Sebagai warga bangsa, etnis Tionghoa harus membantu menghilangkan gap antara the have and the have not dengan meningkatkan pendapatan teman-teman kita yang kurang beruntung. Kita harus dapat menciptakan lapangan kerja sebanyak-banyaknya. Di samping meningkatkan pendapatan, kita juga harus berusaha meningkatan pendidikan dan kesehatan seluruh anak bangsa.
Sebaliknya pemerintah harus menghapus seluruh peraturan-peraturan yang diskriminatif terhadap etnis Tionghoa, terutama Undang-undang Catatan Sipil dan Undang-undang Kewarganegaraan yang mengharuskan etnis Tionghoa memiliki SBKRI. BKMC harus dibubarkan dan seluruh pintu harus dibuka untuk dapat dimasuki oleh seluruh warga negaranya termasuk etnis Tionghoa.

[1] Yayasan Tunas Bangsa, Lahirnya Konsep Asimilasi, Cetakan ke-VI, Yayasan Tunas Bangsa, Jakarta, 1989. hal.23.
[2] Loyalitas dan ketergantungan Baperki kepada Presiden Sukarno tercermin dalam pernyataan pertamanya setelah terjadi Peristiwa G30S, yaitu pernyataan pada tanggal 4 Oktober 1965, yang pada intinya menyatakan akan mengikuti dan mematuhi garis-garis kebijaksanaan Presiden Sukarno.

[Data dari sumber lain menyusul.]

Lemma mul_comm (a b : M A) : a ⊗ b = b ⊗ a.
Proof.
  revert b; induction_by [a].
  - rewrite (ax_mul0 _ Hrca), mul_0_l. reflexivity.
  - intros m H. rewrite (ax_mulS _ Hrca), H, mul_succ_l. reflexivity.
Qed.

Lemma mul_add_distr_l (a b c : M A) : a ⊗ (b ⊕ c) = a ⊗ b ⊕ a ⊗ c.
Proof.
  revert c; induction_by [a; b].
  - rewrite !(ax_add0 _ Hrca), (ax_mul0 _ Hrca), (ax_add0 _ Hrca). reflexivity.
  - intros m H. rewrite (ax_addS _ Hrca), !(ax_mulS _ Hrca), H, add_assoc. reflexivity.
Qed.

Lemma mul_assoc (a b c : M A) : a ⊗ (b ⊗ c) = a ⊗ b ⊗ c.
Proof.
  revert c; induction_by [a; b].
  - rewrite !(ax_mul0 _ Hrca). reflexivity.
  - intros m H. rewrite !(ax_mulS _ Hrca), mul_add_distr_l, H. reflexivity.
Qed.

Lemma one_succ_zero : (one : M A) = zero ⊕ one.
Proof. rewrite add_0_l. reflexivity. Qed.

Lemma mul_1_l (m : M A) : one ⊗ m = m.
Proof. rewrite one_succ_zero, mul_succ_l, mul_0_l, add_0_l. reflexivity. Qed.

Lemma model_semiring : semi_ring_theory (@zero A) one add mul eq.
Proof.
  constructor; try solve [exact add_0_l | exact add_comm | exact add_assoc | exact mul_1_l
                          | exact mul_0_l | exact mul_comm | exact mul_assoc].
  intros n m p. rewrite mul_comm, mul_add_distr_l, (mul_comm p n), (mul_comm p m). reflexivity.
Qed.

Add Ring model_ring : model_semiring.

Lemma lt_succ_r (m n : M A) : m ≺ n ⊕ one <-> m ≼ n.
Proof. apply (ax_ltS _ Hrca). Qed.

Lemma lt_succ_diag_r (m : M A) : m ≺ m ⊕ one.
Proof. apply lt_succ_r. right; reflexivity. Qed.

Lemma nlt_0_r (m : M A) : ~ m ≺ zero.
Proof. apply (ax_lt0 _ Hrca). Qed.

Lemma neq_succ_0 (m : M A) : m ⊕ one <> zero.
Proof. apply (ax_succ_ne0 _ Hrca). Qed.

Lemma le_0_l (m : M A) : zero ≼ m.
Proof.
  revert m; induction_by (@nil (M A)).
  - right; reflexivity.
  - intros m H. left. apply lt_succ_r. exact H.
Qed.

Lemma lt_0_succ (a : M A) : zero ≺ a ⊕ one.
Proof. apply lt_succ_r, le_0_l. Qed.

Lemma succ_lt_succ (k n : M A) : k ≺ n -> k ⊕ one ≺ n ⊕ one.
Proof.
  revert n; induction_by [k].
  - intro H. destruct (nlt_0_r _ H).
  - intros m IH H. apply lt_succ_r in H as [H|H].
    + apply lt_succ_r. left. apply IH, H.
    + subst. apply lt_succ_diag_r.
Qed.

Lemma lt_add_succ_r (a k : M A) : a ≺ a ⊕ k ⊕ one.
Proof.
  revert k; induction_by [a].
  - rewrite (ax_add0 _ Hrca). apply lt_succ_diag_r.
  - intros m H. apply lt_succ_r. left. rewrite (ax_addS _ Hrca). exact H.
Qed.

Lihat : Charles A Coppel, Tionghoa Indonesia Dalam Krisis, Pustaka Sinar Harapan, Jakarta, 1994.Hal.114-115.
[3] IRD adalah singkatan Information Research Department, sebuah organisasi propaganda anti komunis Departemen Luar Negeri Inggris.
[4] Lihat : Lashmar, Paul & Oliver, James, Britain Secret Propaganda War, Sutton Publishing, London, 1998 hal. 7-9.
[5] Menurut pengakuan K.Sindhunatha dalam Diskusi Akbar “Tugas dan Kewajiban Etnis Tionghoa Dalam Membangun Bangsa dan Negara” yang diselenggarakan Perhimpunan INTI Jakarta pada 27 April 2002 bertempat di hotel Mercure Rekso, Jakarta, ia diminta dalam rapat G-5 KOTI untuk memilih istilah apa yang sebaiknya digunakan, Tionghoa atau Cina, dan ia memilih Cina.
[6] Pengakuan ini disampaikan K.Sindhunatha dalam sebuah diskusi di kantor majalah Gamma, September 1999 yang dihadiri antara lain Mely G.Tan,Candra Setiawan (Ketua Umum Matakin),Lieus Sungkharisma (Ketua Umum PARTI) dan Benny G.Setiono ( Ketua Perhimpunan INTI).